(DATA FOR THE TASK)

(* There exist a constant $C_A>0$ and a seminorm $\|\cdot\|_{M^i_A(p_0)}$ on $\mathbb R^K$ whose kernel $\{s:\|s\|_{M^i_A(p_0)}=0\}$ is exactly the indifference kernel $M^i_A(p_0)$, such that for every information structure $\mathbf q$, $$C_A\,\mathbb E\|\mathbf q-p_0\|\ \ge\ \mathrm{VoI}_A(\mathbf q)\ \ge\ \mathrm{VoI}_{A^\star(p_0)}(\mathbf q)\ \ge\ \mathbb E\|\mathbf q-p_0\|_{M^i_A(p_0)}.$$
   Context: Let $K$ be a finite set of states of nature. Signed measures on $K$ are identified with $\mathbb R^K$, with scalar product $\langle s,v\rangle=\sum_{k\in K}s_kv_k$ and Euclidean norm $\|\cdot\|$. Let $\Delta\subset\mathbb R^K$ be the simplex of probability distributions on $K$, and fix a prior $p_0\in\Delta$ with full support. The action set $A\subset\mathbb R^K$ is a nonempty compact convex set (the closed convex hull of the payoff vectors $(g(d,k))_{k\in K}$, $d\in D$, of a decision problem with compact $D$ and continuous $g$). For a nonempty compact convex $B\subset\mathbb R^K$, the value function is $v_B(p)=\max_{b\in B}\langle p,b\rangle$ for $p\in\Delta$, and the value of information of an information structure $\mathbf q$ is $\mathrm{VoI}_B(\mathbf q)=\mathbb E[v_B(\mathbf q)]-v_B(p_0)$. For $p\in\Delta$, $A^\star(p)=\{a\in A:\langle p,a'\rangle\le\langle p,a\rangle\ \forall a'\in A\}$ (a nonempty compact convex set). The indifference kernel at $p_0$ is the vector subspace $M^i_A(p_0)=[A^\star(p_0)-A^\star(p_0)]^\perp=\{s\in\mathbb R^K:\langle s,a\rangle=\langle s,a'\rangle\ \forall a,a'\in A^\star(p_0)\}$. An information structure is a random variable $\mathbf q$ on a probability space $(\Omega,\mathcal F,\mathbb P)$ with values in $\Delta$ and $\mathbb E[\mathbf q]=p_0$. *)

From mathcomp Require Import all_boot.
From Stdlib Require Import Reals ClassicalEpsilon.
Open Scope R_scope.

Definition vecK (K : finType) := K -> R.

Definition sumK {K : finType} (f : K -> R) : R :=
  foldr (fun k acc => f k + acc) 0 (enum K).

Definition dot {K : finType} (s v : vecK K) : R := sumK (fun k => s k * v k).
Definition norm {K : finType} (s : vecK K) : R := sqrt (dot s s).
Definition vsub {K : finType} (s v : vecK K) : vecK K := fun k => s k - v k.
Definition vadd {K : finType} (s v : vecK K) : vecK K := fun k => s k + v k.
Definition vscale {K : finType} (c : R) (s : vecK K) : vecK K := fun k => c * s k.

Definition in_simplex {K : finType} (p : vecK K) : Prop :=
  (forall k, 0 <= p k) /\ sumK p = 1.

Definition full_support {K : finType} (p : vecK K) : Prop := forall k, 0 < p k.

(End DATA FOR THE TASK)

### EXERCISE DESCRIPTION
Copy out the lines above with "Import" in them.

### EXERCISE OUTPUT
From mathcomp Require Import all_boot.
From Stdlib Require Import Reals ClassicalEpsilon.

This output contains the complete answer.